When a human fixes frontend code, they're almost always looking at the screen.
And yet I wasn't handing the agent a screen at all. That was the root of the mismatch.

What I did: hand it a way to take screenshots

I didn't want to build a grand E2E suite.
I wanted the minimum: "take a screenshot of a given page and write it to a file."

Add Playwright.

npm install -D @playwright/test
npx playwright install chromium

Drop in a spec that just lists targets and loops over them.

// e2e/screenshots.spec.ts
import { test, expect } from '@playwright/test';

const pages = [
  { name: 'home', path: '/' },
  { name: 'blog', path: '/blog' },
  { name: 'blog-post', path: '/blog/knip-dead-code-cleanup' },
  { name: 'projects', path: '/projects' },
];

const themes = ['light', 'dark'] as const;

for (const { name, path } of pages) {
  for (const theme of themes) {
    test(`screenshot ${name} (${theme})`, async ({ page }) => {
      await page.emulateMedia({ colorScheme: theme });
      await page.goto(path);
      await page.waitForLoadState('networkidle');
      await page.screenshot({
        path: `e2e/__shots__/${name}-${theme}.png`,
        fullPage: true,
      });
    });
  }
}

Add a command to package.json.

{
  "scripts": {
    "shots": "playwright test e2e/screenshots.spec.ts"
  }
}

Now npm run shots lines up light/dark screenshots of each page under e2e/__shots__/.

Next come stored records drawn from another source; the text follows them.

Lemma acth_idx a a' x y (e : a = a') (p : act a x = act a' x)
    (q : act a y = act a' y) (f : chom C x y) :
  acth a' f = castH p q (acth a f).
Proof. by destruct e; rewrite castH_id. Qed.

Lemma ofam_idx x y (f : ofam A x y) a a' b b' (ea : a = a') (eb : b = b')
    (p : act a x = act a' x) (q : act b y = act b' y) :
  f b' a' = castH p q (f b a).
Proof. by destruct ea, eb; rewrite castH_id. Qed.

Definition monomial x y (f : ofam A x y) (s : G) :=
  forall b a, b != (a * s)%g -> f b a = 0.

Definition Pfam x y (f : chom C x y) : ofam A x y := fun b a =>
  match a =P b with
  | ReflectT e => castH erefl (congr1 (fun t => act t y) e) (acth a f)
  | ReflectF _ => 0
  end.

Lemma PfamE x y (f : chom C x y) a b (e : a = b) :
  Pfam f b a = castH erefl (congr1 (fun t => act t y) e) (acth a f).
Proof. by rewrite /Pfam; case: eqP => // e'; apply: castH_irr. Qed.

Lemma Pfam_off x y (f : chom C x y) a b : a != b -> Pfam f b a = 0.
Proof. by rewrite /Pfam; case: eqP. Qed.

Lemma Pfam_diag x y (f : chom C x y) a : Pfam f a a = acth a f.
Proof. by rewrite (PfamE _ (erefl a)). Qed.

Lemma Pfam0 x y b a : Pfam (0 : chom C x y) b a = 0.
Proof. by rewrite /Pfam; case: eqP => // e; rewrite acth0 castH0. Qed.

Lemma Pfam_monomial x y (f : chom C x y) : monomial (Pfam f) 1.
Proof. by move=> b a; rewrite mulg1 eq_sym; apply: Pfam_off. Qed.

Lemma Pfam_ohom x y (f : chom C x y) : ohom_pred (Pfam f).
Proof.
split.
- move=> b; exists [:: b] => a.
  by case: (eqVneq a b) => [->|/Pfam_off ->]; rewrite ?eqxx ?inE.
- move=> a; exists [:: a] => b.
  by case: (eqVneq a b) => [->|/Pfam_off ->]; rewrite ?eqxx ?inE.
move=> c a b; case: (eqVneq a b) => [<-|ab].
  by rewrite !Pfam_diag acth_mul; apply: castH_irr.
by rewrite !Pfam_off ?acth0 ?castH0 //; apply: contra ab => /eqP /mulgI ->.
Qed.

Definition oP x y (f : chom C x y) : ohom A x y := exist _ (Pfam f) (Pfam_ohom f).

Lemma Pfam_is_P x y (f : chom C x y) : is_P f (Pfam f).
Proof. by split=> [a|a b ab]; rewrite ?Pfam_diag ?Pfam_off. Qed.

Lemma Pfam_oid x : is_oid (Pfam (idm C x)).
Proof. by split=> [a|a b ab]; rewrite ?Pfam_diag ?acth_id ?Pfam_off. Qed.

Lemma is_P_Pfam x y (f : chom C x y) (e : ofam A x y) :
  is_P f e -> forall b a, e b a = Pfam f b a.
Proof.
case=> e_diag e_off b a; case: (eqVneq a b) => [<-|ab].
  by rewrite e_diag Pfam_diag.
by rewrite e_off // Pfam_off.
Qed.
(* There is an $\omega$-regular language that is not recognized by any RPA.
   Context: A Büchi automaton $(Q,\Sigma,q_0,\Delta,F)$ with $\Delta\subseteq Q\times\Sigma\times Q$ accepts an infinite word if it has a run (from $q_0$) visiting $F$ infinitely often; $\omega$-regular languages are those recognized by Büchi automata. A Parikh automaton of dimension $d$ is $\mathcal{A}=(Q,\Sigma,q_0,\Delta,F,C)$ with finite $Q$, $q_0\in Q$, $F\subseteq Q$, finite $\Delta\subseteq Q\times\Sigma\times\mathbb{N}^d\times Q$ and semi-linear $C\subseteq\mathbb{N}^d$ (a finite union of sets $\{b_0+\sum_{j=1}^\ell b_jz_j\mid z_j\in\mathbb{N}\}$, $b_j\in\mathbb{N}^d$). A run on an infinite word $\alpha$ is $r_1r_2\cdots$ with $r_i=(p_{i-1},\alpha_i,\mathbf{v}_i,p_i)\in\Delta$, $p_0=q_0$, and $\rho(r_1\cdots r_i)=\sum_{k\le i}\mathbf{v}_k$. A (synchronous) reachability Parikh automaton (RPA) is such an automaton where the run is accepting if there is $i\ge1$ with $p_i\in F$ and $\rho(r_1\cdots r_i)\in C$; it recognizes the set of infinite words having an accepting run. The transition relation need not be complete. *)

From Stdlib Require List.
From mathcomp Require Import all_boot.
Set Implicit Arguments. Unset Strict Implicit. Unset Printing Implicit Defensive.

(* Infinite words over Sigma: alpha_{i+1} (paper, 1-indexed) is w i. *)
Definition word (Sigma : finType) := nat -> Sigma.

Record buchi (Sigma : finType) := Buchi {
  b_Q : finType;
  b_q0 : b_Q;
  b_Delta : b_Q -> Sigma -> b_Q -> bool;
  b_F : {set b_Q}
}.

Definition buchi_accepts (Sigma : finType) (B : buchi Sigma) (w : word Sigma) : Prop :=
  exists p : nat -> b_Q B,
    p 0 = @b_q0 _ B /\
    (forall i, @b_Delta _ B (p i) (w i) (p i.+1)) /\
    (forall N, exists i, N <= i /\ p i \in @b_F _ B).

Definition omega_regular (Sigma : finType) (L : word Sigma -> Prop) : Prop :=
  exists B : buchi Sigma, forall w, L w <-> buchi_accepts B w.

Definition vec (d : nat) := {ffun 'I_d -> nat}.

(* a linear set {b0 + sum_j bs_j z_j | z_j ∈ N} given by (b0, bs) *)
Definition in_linear (d : nat) (L : vec d * seq (vec d)) (v : vec d) : Prop :=
  exists z : nat -> nat,
    forall k : 'I_d,
      v k = L.1 k + \sum_(j < size L.2) z j * (nth L.1 L.2 j) k.

(* a semilinear set: a finite union of linear sets *)
Definition semilinear (d : nat) := seq (vec d * seq (vec d)).

Definition in_semilinear (d : nat) (C : semilinear d) (v : vec d) : Prop :=
  exists2 L, List.In L C & in_linear L v.

Record rpa (Sigma : finType) := RPA {
  r_Q : finType;
  r_d : nat;
  r_q0 : r_Q;
  r_Delta : seq (r_Q * Sigma * vec r_d * r_Q);  (* finite Delta *)
  r_F : {set r_Q};
  r_C : semilinear r_d
}.

Definition tr_src (Q Sigma : finType) d (t : Q * Sigma * vec d * Q) := t.1.1.1.
Definition tr_let (Q Sigma : finType) d (t : Q * Sigma * vec d * Q) := t.1.1.2.
Definition tr_vec (Q Sigma : finType) d (t : Q * Sigma * vec d * Q) := t.1.2.
Definition tr_tgt (Q Sigma : finType) d (t : Q * Sigma * vec d * Q) := t.2.

(* run r_1 r_2 ... (here r 0, r 1, ...) on w; accepting if for some prefix
   r_1 ... r_i (i >= 1; here r 0 ... r i) the last target is in F and the
   sum of the vectors is in C *)
Definition rpa_accepts (Sigma : finType) (A : rpa Sigma) (w : word Sigma) : Prop :=
  exists r : nat -> (r_Q A * Sigma * vec (r_d A) * r_Q A),
    (forall i, r i \in @r_Delta _ A) /\
    tr_src (r 0) = @r_q0 _ A /\
    (forall i, tr_let (r i) = w i) /\
    (forall i, tr_tgt (r i) = tr_src (r i.+1)) /\
    (exists i, tr_tgt (r i) \in @r_F _ A /\
       in_semilinear (@r_C _ A)
         [ffun k => \sum_(m < i.+1) tr_vec (r m) k]).

Definition rpa_recognizes (Sigma : finType) (A : rpa Sigma) (L : word Sigma -> Prop) : Prop :=
  forall w, L w <-> rpa_accepts A w.

From mathcomp Require Import all_boot.
From mathcomp Require Import zify.

Set Implicit Arguments.
Unset Strict Implicit.
Unset Printing Implicit Defensive.

(* An RPA decides acceptance at a finite prefix, so its accepting
   runs can be pumped afterwards: on a word with [true] exactly once in every block
   of #|Q| + 1 letters, some state repeats inside the first run of [false]s after
   the accepting position, and looping forever through that repetition yields an
   accepting run on a word with only finitely many [true]s. *)

Lemma nat_fun_repeat (T : finType) (f : nat -> T) :
  exists k1 k2, k1 < k2 <= #|T| /\ f k1 = f k2.
Proof.
pose g (k : 'I_#|T|.+1) := f k.
have /injectivePn[x [y neq_xy eq_fxy]] : ~~ injectiveb g.
  by apply/injectiveP => /leq_card; rewrite card_ord ltnn.
have [lt_xy | lt_yx | /val_inj eq_xy] := ltngtP x y.
- by exists x, y; rewrite lt_xy -ltnS ltn_ord.
- by exists y, x; rewrite lt_yx -ltnS ltn_ord.
- by rewrite eq_xy eqxx in neq_xy.
Qed.

Definition lasso (s P j : nat) : nat := if j < s then j else s + (j - s) %% P.

Section Lasso.
Variables s P : nat.
Hypothesis P_gt0 : 0 < P.

Lemma lasso_small j : j < s -> lasso s P j = j.
Proof. by rewrite /lasso => ->. Qed.

Lemma lasso0 : lasso s P 0 = 0.
Proof. by rewrite /lasso; case: ifP; rewrite ?mod0n ?addn0; lia. Qed.

Lemma lasso_loop j : s <= j -> s <= lasso s P j < s + P.
Proof.
by rewrite /lasso leqNgt => /negbTE ->; rewrite leq_addr ltn_add2l ltn_pmod.
Qed.

Lemma lassoS j :
  lasso s P j.+1 = (lasso s P j).+1 \/
  (lasso s P j).+1 = s + P /\ lasso s P j.+1 = s.
Proof.
rewrite /lasso; have [lt_js | le_sj] := ltnP j s.
  left; case: ltnP => // le_sSj.
  have -> : j.+1 = s by lia.
  by rewrite subnn mod0n addn0.
rewrite ltnNge (leqW le_sj) /= subSn // -addn1 -modnDml addn1.
have := ltn_pmod (j - s) P_gt0; rewrite leq_eqVlt => /orP[/eqP loop_end | lt_P].
  by right; rewrite loop_end modnn addn0 -addnS loop_end.
by left; rewrite modn_small // addnS.
Qed.

Lemma lasso_link (X Y : Type) (src tgt : X -> Y) (r : nat -> X) :
  (forall j, tgt (r j) = src (r j.+1)) -> src (r (s + P)) = src (r s) ->
  forall j, tgt (r (lasso s P j)) = src (r (lasso s P j.+1)).
Proof.
move=> link loop j; have [-> | [loop_end ->]] := lassoS j; first exact: link.
by rewrite link loop_end loop.
Qed.

End Lasso.

Section RPARuns.
Variables (Sigma : finType) (A : rpa Sigma).

Definition rpa_run (w : word Sigma) (r : nat -> r_Q A * Sigma * vec (r_d A) * r_Q A) :=
  [/\ forall j, r j \in r_Delta A, tr_src (r 0) = r_q0 A,
      forall j, tr_let (r j) = w j & forall j, tr_tgt (r j) = tr_src (r j.+1)].

Definition rpa_accepting_prefix (r : nat -> r_Q A * Sigma * vec (r_d A) * r_Q A) i :=
  tr_tgt (r i) \in r_F A /\
  in_semilinear (r_C A) [ffun k => \sum_(m < i.+1) tr_vec (r m) k].

Lemma rpa_acceptsP w :
  rpa_accepts A w <-> exists r i, rpa_run w r /\ rpa_accepting_prefix r i.
Proof.
split=> [[r [D [r0 [lt [link [i acc]]]]]] | [r [i [[D r0 lt link] acc]]]].
  by exists r, i.
by exists r; do 4!split=> //; exists i.
Qed.

Lemma eq_rpa_accepting_prefix r r' i :
  (forall m, m <= i -> r' m = r m) ->
  rpa_accepting_prefix r i -> rpa_accepting_prefix r' i.
Proof.
move=> eq_rr' [F_i C_i]; split; first by rewrite eq_rr'.
suff -> : [ffun k => \sum_(m < i.+1) tr_vec (r' m) k] =
          [ffun k => \sum_(m < i.+1) tr_vec (r m) k] by [].
by apply/ffunP => k; rewrite !ffunE; apply: eq_bigr => m _; rewrite eq_rr' // -ltnS.
Qed.

Lemma rpa_run_lasso w r s P : 0 < P ->
  tr_src (r (s + P)) = tr_src (r s) ->
  rpa_run w r -> rpa_run (w \o lasso s P) (r \o lasso s P).
Proof.
move=> P_gt0 loop [D r0 lt link]; split=> //= [|j].
  by rewrite lasso0.
exact: lasso_link.
Qed.

Lemma rpa_accepts_lasso w r i s P : 0 < P -> i < s ->
  tr_src (r (s + P)) = tr_src (r s) ->
  rpa_run w r -> rpa_accepting_prefix r i -> rpa_accepts A (w \o lasso s P).
Proof.
move=> P_gt0 lt_is loop run acc; apply/rpa_acceptsP.
exists (r \o lasso s P), i; split; first exact: rpa_run_lasso.
by apply: eq_rpa_accepting_prefix acc => m le_mi /=; rewrite lasso_small //; lia.
Qed.

End RPARuns.

Definition infinitely_many_true (w : word bool) : Prop :=
  forall N, exists2 n, N <= n & w n.

Lemma infinitely_many_true_regular : omega_regular infinitely_many_true.
Proof.
exists (@Buchi bool bool false (fun _ c q => q == c) [set true]) => w; split.
  move=> inf_w; exists (fun i => if i is j.+1 then w j else false).
  split=> //; split=> [i /= // | N]; have [n le_Nn w_n] := inf_w N.
  by exists n.+1; rewrite inE w_n; split=> //; lia.
move=> [p [_ [step inf_p]]] N; have [[|i] [le_Ni]] := inf_p N.+1; first lia.
by rewrite inE (eqP (step i)) => /eqP w_i; exists i.
Qed.

Lemma infinitely_many_true_lasso w s P : 0 < P ->
  infinitely_many_true (w \o lasso s P) -> exists2 n, s <= n < s + P & w n.
Proof.
move=> P_gt0 inf_w; have [j le_sj w_j] := inf_w s.
by exists (lasso s P j) => //; apply: lasso_loop.
Qed.

Definition sparse_word (N : nat) : word bool := fun n => n %% N.+1 == N.

Lemma sparse_word_infinitely_many_true N : infinitely_many_true (sparse_word N).
Proof.
move=> M; exists (M * N.+1 + N); first lia.
by rewrite /sparse_word modnMDl modn_small.
Qed.

Lemma sparse_word_block b N k : k < N -> sparse_word N (b * N.+1 + k) = false.
Proof.
by move=> lt_kN; rewrite /sparse_word modnMDl modn_small ?(ltn_eqF lt_kN) //; lia.
Qed.

Lemma infinitely_many_true_not_rpa (A : rpa bool) :
  ~ rpa_recognizes A infinitely_many_true.
Proof.
move=> recA; set N := #|r_Q A|.
have /rpa_acceptsP[r [i [run acc]]] :=
  (recA (sparse_word N)).1 (sparse_word_infinitely_many_true N).
set s0 := i.+1 * N.+1.
have [k1 [k2 [/andP[lt_k12 le_k2N] loop]]] :=
  nat_fun_repeat (fun k => tr_src (r (s0 + k))).
set s := s0 + k1; set P := k2 - k1.
have P_gt0 : 0 < P by lia.
have lt_is : i < s by rewrite /s /s0; lia.
have {}loop : tr_src (r (s + P)) = tr_src (r s) by rewrite -addnA subnKC // ltnW.
have inf_pumped := (recA _).2 (rpa_accepts_lasso P_gt0 lt_is loop run acc).
have [n /andP[le_sn lt_n]] := infinitely_many_true_lasso P_gt0 inf_pumped.
by rewrite -(subnKC (leq_trans (leq_addr k1 s0) le_sn)) sparse_word_block //; lia.
Qed.

Theorem lemma1 :
  exists (Sigma : finType) (L : word Sigma -> Prop),
    omega_regular L /\ forall A : rpa Sigma, ~ rpa_recognizes A L.
Proof.
exists bool, infinitely_many_true; split.
  exact: infinitely_many_true_regular.
exact: infinitely_many_true_not_rpa.
Qed.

Hand the loop to the agent

This is the real point: taking the screenshots alone does nothing.
You have to show the captured images back to the agent and let it judge them.

Modern coding agents (like Claude Code) can read image files.
So I shaped the instructions like this.

Change the UI
Run npm run shots
Open the resulting e2e/__shots__/*.png and inspect them yourself
If something's broken, fix it and go back to 2
When nothing's broken, you're done

That alone flipped the behavior.

The agent would notice on its own — "the button is overflowing to the right" — add a max-width, shoot again, and report "fixed."
The visual-check rally a human used to run now closed up inside the loop.

Why it felt like 10x

The big win was fewer bounce-backs.

Before, every time I said "fix it," I had to open a browser and check.
One fix required one human eyeball pass.

After handing over the screenshot loop, the agent does several round trips by itself before bringing me "done."
Human verification dropped to a single pass at the end.

Nice side effects.

Easy-to-miss issues like dark-mode breakage get caught early
"It breaks at this width" gets preserved as a screenshot with its repro condition
Easy to paste before/after images during review
Showing an image beats explaining "center this" in prose

For the agent and for me, images turned out to be the strongest shared language.

Where it bit me

It's not magic, so a few caveats.

Timing. Shoot mid-animation or mid-font-load and you get flaky frames every time. Use waitForLoadState('networkidle'), and add explicit waits when needed.
Some diffs are better judged by a human. The agent is good at "is it broken," but "is it good design" is a different question. The last look is human.
Don't over-capture. Shooting every page × width × theme is slow, and too many images means you miss things. Start with the few that break easily.
You often don't need pixel-perfect comparison. Strict toHaveScreenshot() diffing is handy, but "shoot and eyeball it" is plenty effective to begin with.

Wrap-up

The reason fixing UI breakage hurt was that the agent wasn't looking at the screen.

You don't need a grand E2E setup. Just hand it the minimal loop: take a screenshot, show it back to the agent.
That alone closed the fix cycle inside the agent and made it feel 10x easier.

If you're leaning on an agent for frontend and struggling with breakage, it's worth starting with a single Playwright shot.